The petition for writ of certiorari is granted, as is leave to proceed in forma pauperis.

The Court of Appeals denied petitioner leave to appeal in forma pauperis a conviction for housebreaking and larceny. 101 U. S. App. D. C. 386, 249 F.2d 478. The Solicitor General concedes that leave to appeal should have been allowed unless petitioner's contentions on the merits were frivolous. The only statutory requirement for the allowance of an indigent's appeal is the applicant's "good faith." 28 U.S. C. § 1915. In the absence of some evident improper motive, the applicant's good faith is established by the presentation of any issue that is not plainly frivolous. Farley v. United States, 354 U.S. 521. The good-faith test must not be converted *675 into a requirement of a preliminary showing of any particular degree of merit. Unless the issues raised are so frivolous that the appeal would be dismissed in the case of a nonindigent litigant, Fed. Rules Crim.
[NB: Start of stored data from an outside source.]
Lemma measurable_Re_Im_expz k :
  measurable_fun D (fun w => Re (toC w ^ k)) /\
  measurable_fun D (fun w => Im (toC w ^ k)).
Proof.
case: k => n.
  have [mRe mIm] := measurable_Re_Im_expn n.
  by split; [exact: measurable_funS mRe | exact: measurable_funS mIm].
have [mRe mIm] := measurable_Re_Im_expn n.+1.
split.
  apply: (eq_measurable_fun (fun w => Re (toC w ^+ n.+1))).
    by move=> w /set_mem Dw; rewrite NegzE toC_expzN // ReJ.
  exact: measurable_funS mRe.
apply: (eq_measurable_fun (fun w => - Im (toC w ^+ n.+1))).
  by move=> w /set_mem Dw; rewrite NegzE toC_expzN // ImJ.
by apply: measurableT_comp => //; exact: measurable_funS mIm.
Qed.

End UnitCircle.

Section IntegrableEFin.
Context d (T : measurableType d) (R : realType).
Variables (mu : {measure set T -> \bar R}) (D : set T).
Hypothesis mD : measurable D.
Implicit Types g h : T -> R.

Lemma integrable_EFinD g h : mu.-integrable D (EFin \o g) ->
  mu.-integrable D (EFin \o h) -> mu.-integrable D (EFin \o (g \+ h)).
Proof.
move=> ig ih; apply: (eq_integrable mD _ _ _ (integrableD mD ig ih)) => w _ /=.
by rewrite EFinD.
Qed.

Lemma integrable_EFinB g h : mu.-integrable D (EFin \o g) ->
  mu.-integrable D (EFin \o h) -> mu.-integrable D (EFin \o (g \- h)).
Proof.
move=> ig ih; apply: (eq_integrable mD _ _ _ (integrableB mD ig ih)) => w _ /=.
by rewrite EFinB.
Qed.

Lemma integrable_EFinZ (k : R) g : mu.-integrable D (EFin \o g) ->
  mu.-integrable D (EFin \o (fun w => k * g w)).
Proof.
move=> ig; apply: (eq_integrable mD _ _ _ (integrableZl mD k ig)) => w _ /=.
by rewrite EFinM.
Qed.

End IntegrableEFin.

Section ComplexIntegral.
Variable R : realType.
Local Notation C := (complex R).
Local Notation Re := complex.Re.
Local Notation Im := complex.Im.
Local Notation D := (@unit_circle R).
Variable mu : {finite_measure set (R * R)%type -> \bar R}.
Implicit Types f g : R * R -> C.

Local Notation mD := (@measurable_unit_circle R).

Definition cintegrable f :=
  mu.-integrable D (EFin \o (fun w => Re (f w))) /\
  mu.-integrable D (EFin \o (fun w => Im (f w))).

Definition cintegral f : C :=
  (Rintegral mu D (fun w => Re (f w)) +i* Rintegral mu D (fun w => Im (f w)))%C.

Definition moment (e : int) : C := cintegral (fun w => toC w ^ e).

Lemma eq_cintegrable f g : {in D, f =1 g} -> cintegrable f -> cintegrable g.
Proof.
move=> fg [intRe intIm]; split.
  by apply: (eq_integrable mD _ _ _ intRe) => w Dw /=; rewrite fg.
by apply: (eq_integrable mD _ _ _ intIm) => w Dw /=; rewrite fg.
Qed.

Lemma cintegrableD f g : cintegrable f -> cintegrable g ->
  cintegrable (fun w => f w + g w).
Proof.
move=> [fRe fIm] [gRe gIm]; split.
  apply: (eq_integrable mD _ _ _ (integrable_EFinD mD fRe gRe)).
  by move=> w _ /=; rewrite ReD.
apply: (eq_integrable mD _ _ _ (integrable_EFinD mD fIm gIm)).
by move=> w _ /=; rewrite ImD.
Qed.

Lemma cintegrableZ (x : C) f : cintegrable f -> cintegrable (fun w => x * f w).
Proof.
move=> [fRe fIm]; split.
  apply: (eq_integrable mD _ _ _ (integrable_EFinB mD
    (integrable_EFinZ mD (Re x) fRe) (integrable_EFinZ mD (Im x) fIm))).
  by move=> w _ /=; rewrite Re_mul.
apply: (eq_integrable mD _ _ _ (integrable_EFinD mD
  (integrable_EFinZ mD (Re x) fIm) (integrable_EFinZ mD (Im x) fRe))).
by move=> w _ /=; rewrite Im_mul.
Qed.

Lemma cintegrable_sum (I : Type) (s : seq I) (F : I -> R * R -> C) :
  (forall i, cintegrable (F i)) -> cintegrable (fun w => \sum_(i <- s) F i w).
Proof.
move=> intF; elim: s => [|i s IHs].
  by split; apply: (eq_integrable mD _ _ _ (finite_measure_integrable_cst mu 0 mD))
    => w _ /=; rewrite big_nil.
by apply: eq_cintegrable (cintegrableD (intF i) IHs) => w _; rewrite big_cons.
Qed.

Lemma cintegrable_expz k : cintegrable (fun w => toC w ^ k).
Proof.
have [mRe mIm] := measurable_Re_Im_expz R k.
split; apply: (le_integrable mD _ _ (finite_measure_integrable_cst mu 1 mD));
  try exact/measurable_EFinP;
  by move=> w Dw; rewrite lee_fin normr1; case: (unit_Re_Im_le1 (toC_expz_unit k Dw)).
Qed.

Lemma cint_eq0P f : cintegrable f -> cint_eq0 mu f <-> cintegral f = 0.
Proof.
move=> [fRe fIm]; rewrite /cint_eq0 /cintegral /Rintegral.
have fin_Re := integrable_fin_num mD fRe; have fin_Im := integrable_fin_num mD fIm.
split; first by move=> [-> ->].
move=> /eqP; rewrite eq_complex /= => /andP[/eqP int_Re /eqP int_Im].
by split; [rewrite -(fineK fin_Re) int_Re | rewrite -(fineK fin_Im) int_Im].
Qed.

Lemma eq_cintegral f g : {in D, f =1 g} -> cintegral f = cintegral g.
Proof.
move=> fg; rewrite /cintegral.
by congr (_ +i* _)%C; apply: eq_Rintegral => w Dw; rewrite fg.
Qed.

Lemma cintegralD f g : cintegrable f -> cintegrable g ->
  cintegral (fun w => f w + g w) = cintegral f + cintegral g.
Proof.
move=> [fRe fIm] [gRe gIm]; rewrite /cintegral.
rewrite (eq_Rintegral mu (g := fun w => Re (f w) + Re (g w)));
  last by move=> w _; rewrite ReD.
rewrite (eq_Rintegral mu (f := fun w => Im (f w + g w))
  (g := fun w => Im (f w) + Im (g w))); last by move=> w _; rewrite ImD.
by rewrite !RintegralD //; exact: mD.
Qed.

Lemma cintegralZ (x : C) f : cintegrable f ->
  cintegral (fun w => x * f w) = x * cintegral f.
Proof.
move=> [fRe fIm]; rewrite /cintegral.
rewrite (eq_Rintegral mu (g := fun w => Re x * Re (f w) - Im x * Im (f w)));
  last by move=> w _; rewrite Re_mul.
rewrite (eq_Rintegral mu (f := fun w => Im (x * f w))
  (g := fun w => Re x * Im (f w) + Im x * Re (f w)));
  last by move=> w _; rewrite Im_mul.
rewrite RintegralB ?RintegralD ?RintegralZl //;
  try exact: mD; try by apply: (integrable_EFinZ mD).
by case: x => a b; apply/eqP; rewrite eq_complex /= !eqxx.
Qed.

Lemma cintegral_sum (I : Type) (s : seq I) (F : I -> R * R -> C) :
  (forall i, cintegrable (F i)) ->
  cintegral (fun w => \sum_(i <- s) F i w) = \sum_(i <- s) cintegral (F i).
Proof.
move=> intF; elim: s => [|i s IHs].
  rewrite big_nil (eq_cintegral (g := fun w => 0 * toC w ^ 0)); last first.
    by move=> w _; rewrite big_nil mul0r.
  by rewrite cintegralZ ?mul0r //; exact: cintegrable_expz.
rewrite big_cons -IHs -cintegralD //; last exact: cintegrable_sum.
by apply: eq_cintegral => w _; rewrite big_cons.
Qed.

Lemma cintegral_conj f : cintegrable f ->
  cintegral (fun w => (f w)^*%C) = (cintegral f)^*%C.
Proof.
move=> [_ fIm]; rewrite /cintegral /=.
rewrite (eq_Rintegral mu (g := fun w => Re (f w))); last by move=> w _; rewrite ReJ.
rewrite (eq_Rintegral mu (f := fun w => Im (f w)^*%C)
  (g := fun w => -1 * Im (f w))); last by move=> w _; rewrite ImJ mulN1r.
by rewrite RintegralZl ?mulN1r //; exact: mD.
Qed.

Lemma moment_conj e : moment (- e) = (moment e)^*%C.
Proof.
rewrite /moment -cintegral_conj; last exact: cintegrable_expz.
by apply: eq_cintegral => w /set_mem Dw; rewrite toC_expzN.
Qed.

Lemma cint_eq0_pairing a b c p :
  cint_eq0 mu (fun w => leval a b c (toC w) * toC w ^ (- p)) <->
  pairing a b c (fun e => moment (e - p)) = 0.
Proof.
set f := fun w => _.
pose g w := \sum_(k < (a + b).+1) c (k%:Z - a%:Z) * toC w ^ (k%:Z - a%:Z - p).
have int_terms (k : 'I_(a + b).+1) :
    cintegrable (fun w => c (k%:Z - a%:Z) * toC w ^ (k%:Z - a%:Z - p)).
  exact/cintegrableZ/cintegrable_expz.
have gf : {in D, g =1 f}.
  move=> w /set_mem Dw; rewrite /f /g /leval mulr_suml; apply: eq_bigr => k _.
  by rewrite -mulrA -expfzDr // toC_neq0.
have int_f : cintegrable f by apply: eq_cintegrable gf _; exact: cintegrable_sum.
suff -> : pairing a b c (fun e => moment (e - p)) = cintegral f by exact: cint_eq0P.
rewrite -(eq_cintegral gf) cintegral_sum //; apply: eq_bigr => k _.
by rewrite cintegralZ //; exact: cintegrable_expz.
Qed.

End ComplexIntegral.

Section MomentFamily.
Variables (R : realType) (r : nat).
Variable mu : 'I_r -> {finite_measure set (R * R)%type -> \bar R}.

Definition moments j := moment (mu j).

Lemma moments_conj j e : moments j (- e) = (moments j e)^*%C.
Proof. exact: moment_conj. Qed.

Lemma is_PhiE n m : is_Phi mu n m = moment_Phi moments n m.
Proof.
apply/funext => c; apply/propext.
by split=> -[span_c top_c orth_c]; split=> // j p /orth_c /cint_eq0_pairing.
Qed.

Lemma is_PhistarE n m : is_Phistar mu n m = moment_Phistar moments n m.
Proof.
apply/funext => c; apply/propext.
by split=> -[span_c top_c orth_c]; split=> // j p /orth_c /cint_eq0_pairing.
Qed.

End MomentFamily.

Theorem proposition2p9 (R : realType) (r : nat)
    (mu : 'I_r -> {finite_measure set (R * R)%type -> \bar R})
    (n m : 'I_r -> nat) :
  (forall j, on_unit_circle (mu j)) ->
  (forall j, ~ finite_set (msupport (mu j))) ->
  (normal mu n m <-> normal mu m n) /\
  (normal mu n m ->
     forall c : int -> complex R, is_Phi mu n m c ->
       is_Phistar mu m n (lsharp c) /\
       (forall c' : int -> complex R, is_Phistar mu m n c' -> lsharp c = c')).
Proof.
move=> _ _; have G_conj := moments_conj mu.
rewrite /normal !is_PhiE is_PhistarE; split.
  by split=> /moment_normalP/(Phi_kernel_trivial_sym G_conj)/moment_normalP.
move=> [c0 [_ c0_uniq]] c Phi_c; split; first exact: (moment_Phi_sharp G_conj).
move=> c' /(moment_Phistar_sharp G_conj) Phi_c'.
by rewrite -(c0_uniq _ Phi_c) (c0_uniq _ Phi_c') lsharpK.
Qed.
Proc. 39 (a), the request of an indigent for leave to appeal in forma pauperis must be allowed.

Normally, allowance of an appeal should not be denied until an indigent has had adequate representation by counsel. Johnson v. United States, 352 U.S. 565. In this case, it appears that the two attorneys appointed by the Court of Appeals, performed essentially the role of amici curiae. But representation in the role of an advocate is required. If counsel is convinced, after conscientious investigation, that the appeal is frivolous, of course, he may ask to withdraw on that account. If the court is satisfied that counsel has diligently investigated the possible grounds of appeal, and agrees with counsel's evaluation of the case, then leave to withdraw may be allowed and leave to appeal may be denied. In this case, the Solicitor General concedes, and after examining the record we agree, that the issue presented—probable cause to arrest—is not one that "can necessarily be characterized as frivolous." Accordingly, the judgment of the Court of Appeals is vacated, and the case is remanded for reconsideration in light of this opinion.